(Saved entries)
(* Assume $\xi_v\ge0$ for all $v$, $\pi_v>0$ for all $v\in\mathcal V$, and that the numbers $\{M_i\xi_i\}_{i\in\mathcal V}$ are not all equal. Then for all $\alpha,c\in\mathbb R$, the point $$\boldsymbol\alpha^\star=\alpha\mathbf 1,\qquad \boldsymbol\beta^\star=c\,\mathbf 1-e^{-\alpha}\,\boldsymbol M\circ\boldsymbol\xi$$ is a stationary point of the gradient flow $(\dot{\boldsymbol\alpha},\dot{\boldsymbol\beta})=-\nabla_{\boldsymbol\alpha,\boldsymbol\beta}\mathrm{loss}(\boldsymbol\alpha,\boldsymbol\beta)$, and every such point is a global minimizer of $\mathrm{loss}$.
   Context: Let $\mathcal V=\{1,\dots,V\}$ with trigger set $\mathcal T\subseteq\mathcal V$; $\mathbf P=(p_{vk})$ row-stochastic; weights $\pi_v$ and $\tilde\pi_v=\pi_v\mathbf 1\{v\notin\mathcal T\}$. Fix nonnegative integers $M_k$ with $M=\sum_kM_k>0$, reals $\xi_k\ge0$, and write $\boldsymbol M=(M_1,\dots,M_V)$, $\boldsymbol\xi=(\xi_1,\dots,\xi_V)$, $\circ$ for the entrywise product, $\mathbf 1$ for the all-ones vector. For $\boldsymbol\alpha,\boldsymbol\beta\in\mathbb R^V$, $$l_{vi}=\frac{p_{vi}\exp\!\big(\frac{M_i\xi_i+e^{\alpha_v}\beta_i}{e^{\alpha_v}+M}\big)}{\sum_{k} p_{vk}\exp\!\big(\frac{M_k\xi_k+e^{\alpha_v}\beta_k}{e^{\alpha_v}+M}\big)},$$ $\mathrm{loss}_v(\alpha_v,\boldsymbol\beta)=\sum_k p_{vk}\log(p_{vk}/l_{vk})$ (with $0\log 0=0$), $\mathrm{loss}(\boldsymbol\alpha,\boldsymbol\beta)=\sum_{v}\tilde\pi_v\mathrm{loss}_v(\alpha_v,\boldsymbol\beta)$. *)

From mathcomp Require Import all_boot all_order all_algebra.
From mathcomp Require Import all_classical all_reals all_analysis.
Set Implicit Arguments. Unset Strict Implicit. Unset Printing Implicit Defensive.
Import Order.TTheory GRing.Theory Num.Theory.
Local Open Scope ring_scope.

Section Defs.
Variables (R : realType) (V : nat).
Variables (T : {set 'I_V}) (P : 'I_V -> 'I_V -> R) (pi xi : 'I_V -> R)
  (M : 'I_V -> nat).

Definition Mtot : R := (\sum_k M k)%:R.

Definition expo (i : 'I_V) (av : R) (b : 'I_V -> R) : R :=
  ((M i)%:R * xi i + expR av * b i) / (expR av + Mtot).

Definition lvi (v i : 'I_V) (av : R) (b : 'I_V -> R) : R :=
  P v i * expR (expo i av b) / \sum_k P v k * expR (expo k av b).

Definition lossv (v : 'I_V) (av : R) (b : 'I_V -> R) : R :=
  \sum_k (if P v k == 0 then 0 else P v k * ln (P v k / lvi v k av b)).

Definition pitilde (v : 'I_V) : R := if v \in T then 0 else pi v.

Definition loss (a b : 'I_V -> R) : R := \sum_v pitilde v * lossv v (a v) b.
End Defs.

Definition upd (R : Type) (V : nat) (f : 'I_V -> R) (v : 'I_V) (t : R) : 'I_V -> R :=
  fun w => if w == v then t else f w.

From mathcomp Require Import all_boot all_order all_algebra.
From mathcomp Require Import all_classical all_reals all_analysis.
From mathcomp Require Import lra.
Set Implicit Arguments. Unset Strict Implicit. Unset Printing Implicit Defensive.
Import Order.TTheory GRing.Theory Num.Theory.
Local Open Scope ring_scope.

(* At the proposed point every exponent M_k xi_k + e^alpha beta_k equals the
   same number e^alpha c, so each softmax l_v reproduces the row p_v and every
   loss_v vanishes.  By Gibbs' inequality each loss_v is a Kullback-Leibler
   divergence, hence nonnegative, so this point is a global minimizer of the
   (smooth) loss, and its partial derivatives vanish there by Fermat's rule. *)

Section DerivableR.
Variable R : realType.

Definition derivableR (f : R -> R) := forall t, derivable f t 1.

Lemma derivableR_cst (c : R) : derivableR (fun=> c).
Proof. by move=> t; exact: derivable_cst. Qed.

Lemma derivableR_id : derivableR id.
Proof. by move=> t; exact: derivable_id. Qed.

Lemma derivableR_add (f g : R -> R) :
  derivableR f -> derivableR g -> derivableR (fun t => f t + g t).
Proof. by move=> df dg t; exact: derivableD. Qed.

Lemma derivableR_mul (f g : R -> R) :
  derivableR f -> derivableR g -> derivableR (fun t => f t * g t).
Proof. by move=> df dg t; exact: derivableM. Qed.

Lemma derivableR_inv (f : R -> R) :
  derivableR f -> (forall t, f t != 0) -> derivableR (fun t => (f t)^-1).
Proof. by move=> df f_neq0 t; exact: derivableV. Qed.

Lemma derivableR_sum (I : nat) (F : 'I_I -> R -> R) :
  (forall i, derivableR (F i)) -> derivableR (fun t => \sum_i F i t).
Proof.
move=> dF t; have -> : (fun t => \sum_i F i t) = \sum_i F i.
  by apply/funext => s; rewrite fct_sumE.
by apply: derivable_sum => i; exact: dF.
Qed.

Lemma derivableR_comp (f g : R -> R) :
  derivableR f -> (forall t, derivable g (f t) 1) -> derivableR (fun t => g (f t)).
Proof.
move=> df dg t; apply/derivable1_diffP.
by apply: differentiable_comp; apply/derivable1_diffP.
Qed.

Lemma derivableR_expR (f : R -> R) :
  derivableR f -> derivableR (fun t => expR (f t)).
Proof. by move=> df; apply: derivableR_comp => // t; exact: derivable_expR. Qed.

Lemma derivableR_ln (f : R -> R) :
  derivableR f -> (forall t, 0 < f t) -> derivableR (fun t => ln (f t)).
Proof.
move=> df f_gt0; apply: derivableR_comp => // t.
exact/ex_derive/is_derive1_ln.
Qed.

Lemma is_derive0_global_min (f : R -> R) (x : R) :
  derivableR f -> (forall t, f x <= f t) -> is_derive x 1 f 0.
Proof.
move=> df fx_min; apply: (@derive1_at_min _ _ (x - 1) (x + 1)).
- lra.
- by move=> t _; exact: df.
- rewrite in_itv /=; apply/andP; split; lra.
- by move=> t _; exact: fx_min.
Qed.

End DerivableR.

Section Gibbs.
Variable R : realType.

Lemma sub_le_mul_ln_div (p q : R) : 0 < p -> 0 < q -> p - q <= p * ln (p / q).
Proof.
move=> p_gt0 q_gt0.
have qp_gt0 : 0 < q / p by rewrite divr_gt0.
have ln_qp : ln (q / p) <= q / p - 1.
  by have := @le_ln1Dx R (q / p - 1); rewrite addrCA subrr addr0; apply; lra.
rewrite -invf_div lnV ?posrE // mulrN.
have -> : p - q = - (p * (q / p - 1)).
  by rewrite mulrBr mulr1 mulrCA divff ?gt_eqF // mulr1 opprB.
by rewrite lerN2; apply: ler_wpM2l; [exact: ltW|].
Qed.

Lemma gibbs_ineq (I : finType) (p q : I -> R) :
  (forall k, 0 <= q k) -> (forall k, p k != 0 -> 0 < p k /\ 0 < q k) ->
  \sum_k p k = \sum_k q k ->
  0 <= \sum_k (if p k == 0 then 0 else p k * ln (p k / q k)).
Proof.
move=> q_ge0 pq_gt0 sum_pq.
apply: (@le_trans _ _ (\sum_k (p k - q k))).
  by rewrite sumrB sum_pq subrr.
apply: ler_sum => k _.
case: eqP => [->|/eqP pk_neq0]; first by rewrite sub0r oppr_le0.
by have [pk_gt0 qk_gt0] := pq_gt0 k pk_neq0; exact: sub_le_mul_ln_div.
Qed.

End Gibbs.

Section Loss.
Variables (R : realType) (V : nat) (T : {set 'I_V}) (P : 'I_V -> 'I_V -> R).
Variables (pi xi : 'I_V -> R) (M : 'I_V -> nat).
Hypothesis P_ge0 : forall v k, 0 <= P v k.
Hypothesis P_sum1 : forall v, \sum_k P v k = 1.

Lemma lvi_denom_gt0 v av b : 0 < \sum_k P v k * expR (expo xi M k av b).
Proof.
rewrite lt_def sumr_ge0 ?andbT; last by move=> k _; rewrite mulr_ge0 ?expR_ge0.
apply: contra_neq (oner_neq0 R) => /psumr_eq0P Z0.
rewrite -(P_sum1 v); apply: big1 => k _; apply/eqP.
have /(_ k isT)/eqP := Z0 (fun j _ => mulr_ge0 (P_ge0 v j) (expR_ge0 _)).
by rewrite mulf_eq0 (gt_eqF (expR_gt0 _)) orbF.
Qed.

Lemma lvi_ge0 v k av b : 0 <= lvi P xi M v k av b.
Proof. by rewrite /lvi divr_ge0 ?mulr_ge0 ?P_ge0 ?expR_ge0 ?ltW ?lvi_denom_gt0. Qed.

Lemma lvi_gt0 v k av b : P v k != 0 -> 0 < lvi P xi M v k av b.
Proof.
move=> Pvk_neq0; have Pvk_gt0 : 0 < P v k by rewrite lt_def Pvk_neq0 P_ge0.
by rewrite /lvi divr_gt0 ?mulr_gt0 ?expR_gt0 ?lvi_denom_gt0.
Qed.

Lemma sum_lvi v av b : \sum_k lvi P xi M v k av b = 1.
Proof. by rewrite /lvi -mulr_suml divff ?gt_eqF ?lvi_denom_gt0. Qed.

Lemma lossv_ge0 v av b : 0 <= lossv P xi M v av b.
Proof.
apply: gibbs_ineq => [k|k Pvk_neq0|]; first exact: lvi_ge0.
  by rewrite lvi_gt0 // lt_def Pvk_neq0 P_ge0.
by rewrite P_sum1 sum_lvi.
Qed.

Lemma loss_ge0 a b : (forall v, 0 <= pi v) -> 0 <= loss T P pi xi M a b.
Proof.
move=> pi_ge0; apply: sumr_ge0 => v _; rewrite mulr_ge0 ?lossv_ge0 //.
by rewrite /pitilde; case: ifP.
Qed.

(* A softmax with constant exponents returns its prior row. *)
Lemma lossv_expo_const v av b e :
  (forall k, expo xi M k av b = e) -> lossv P xi M v av b = 0.
Proof.
move=> expo_e; apply: big1 => k _; case: eqP => // /eqP Pvk_neq0.
rewrite /lvi expo_e; under eq_bigr => j _ do rewrite expo_e.
rewrite -mulr_suml P_sum1 mul1r mulfK ?gt_eqF ?expR_gt0 //.
by rewrite divff // ln1 mulr0.
Qed.

Lemma expo_star alpha c k :
  expo xi M k alpha (fun j => c - expR (- alpha) * ((M j)%:R * xi j))
  = expR alpha * c / (expR alpha + Mtot R M).
Proof.
by rewrite /expo mulrBr expRN mulVKf ?gt_eqF ?expR_gt0 // addrC subrK.
Qed.

Lemma loss_star alpha c :
  loss T P pi xi M (fun=> alpha)
    (fun k => c - expR (- alpha) * ((M k)%:R * xi k)) = 0.
Proof.
apply: big1 => v _.
by rewrite (lossv_expo_const v (expo_star alpha c)) mulr0.
Qed.

Lemma derivableR_expo k (A : R -> R) (B : R -> 'I_V -> R) :
  derivableR A -> derivableR (fun t => B t k) ->
  derivableR (fun t => expo xi M k (A t) (B t)).
Proof.
move=> dA dB; apply: derivableR_mul.
  apply: derivableR_add; first exact: derivableR_cst.
  by apply: derivableR_mul => //; exact: derivableR_expR.
apply: derivableR_inv.
  by apply: derivableR_add; [exact: derivableR_expR|exact: derivableR_cst].
by move=> t; rewrite gt_eqF // ltr_pwDl ?expR_gt0 // ler0n.
Qed.

Lemma derivableR_lossv v (A : R -> R) (B : R -> 'I_V -> R) :
  derivableR A -> (forall k, derivableR (fun t => B t k)) ->
  derivableR (fun t => lossv P xi M v (A t) (B t)).
Proof.
move=> dA dB; have dexpo (k : 'I_V) := derivableR_expR (derivableR_expo dA (dB k)).
apply: derivableR_sum => k; case: eqP => [_|/eqP Pvk_neq0].
  exact: derivableR_cst.
have Pvk_gt0 : 0 < P v k by rewrite lt_def Pvk_neq0 P_ge0.
apply: derivableR_mul; first exact: derivableR_cst.
apply: derivableR_ln => [|t]; last by rewrite divr_gt0 ?lvi_gt0.
apply: derivableR_mul; first exact: derivableR_cst.
apply: derivableR_inv => [|t]; last by rewrite gt_eqF ?lvi_gt0.
apply: derivableR_mul; first by apply: derivableR_mul => //; exact: derivableR_cst.
apply: derivableR_inv => [|t]; last by rewrite gt_eqF ?lvi_denom_gt0.
by apply: derivableR_sum => j; apply: derivableR_mul => //; exact: derivableR_cst.
Qed.

Lemma derivableR_loss (A B : R -> 'I_V -> R) :
  (forall v, derivableR (fun t => A t v)) -> (forall k, derivableR (fun t => B t k)) ->
  derivableR (fun t => loss T P pi xi M (A t) (B t)).
Proof.
move=> dA dB; apply: derivableR_sum => v.
by apply: derivableR_mul; [exact: derivableR_cst|exact: derivableR_lossv].
Qed.

End Loss.

Lemma upd_id (S : Type) (V : nat) (f : 'I_V -> S) v : upd f v (f v) = f.
Proof. by apply/funext => w; rewrite /upd; case: eqP => // ->. Qed.

Lemma derivableR_upd (R : realType) (V : nat) (f : 'I_V -> R) v w :
  derivableR (fun t => upd f v t w).
Proof. by rewrite /upd; case: eqP => _; [exact: derivableR_id|exact: derivableR_cst]. Qed.

Theorem theorem2 (R : realType) (V : nat) (T : {set 'I_V})
  (P : 'I_V -> 'I_V -> R) (pi xi : 'I_V -> R) (M : 'I_V -> nat) :
  (forall v k, 0 <= P v k) ->
  (forall v, \sum_k P v k = 1) ->
  (0 < \sum_k M k)%N ->
  (forall k, 0 <= xi k) ->
  (forall v, 0 < pi v) ->
  (exists i j, (M i)%:R * xi i != (M j)%:R * xi j) ->
  forall alpha c : R,
  let astar : 'I_V -> R := fun _ => alpha in
  let bstar : 'I_V -> R := fun k => c - expR (- alpha) * ((M k)%:R * xi k) in
  let L := loss T P pi xi M in
  [/\ (forall v : 'I_V,
         is_derive (astar v) 1 (fun t : R => L (upd astar v t) bstar) 0),
      (forall k : 'I_V,
         is_derive (bstar k) 1 (fun t : R => L astar (upd bstar k t)) 0)
    & (forall a b : 'I_V -> R, L astar bstar <= L a b)].
Proof.
move=> P_ge0 P_sum1 _ _ pi_gt0 _ alpha c astar bstar L.
have star_min a b : L astar bstar <= L a b.
  by rewrite /L loss_star // loss_ge0 // => v; exact: ltW.
split=> // [v|k]; apply: is_derive0_global_min => [|t]; rewrite ?upd_id //.
- apply: derivableR_loss => // [w|k]; [exact: derivableR_upd|exact: derivableR_cst].
- apply: derivableR_loss => // [w|j]; [exact: derivableR_cst|exact: derivableR_upd].
Qed.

### TASK GOAL
Give the number of lines in the records that contain the string "Hypothesis", with no other output.

### SOLUTION TO THIS TASK
2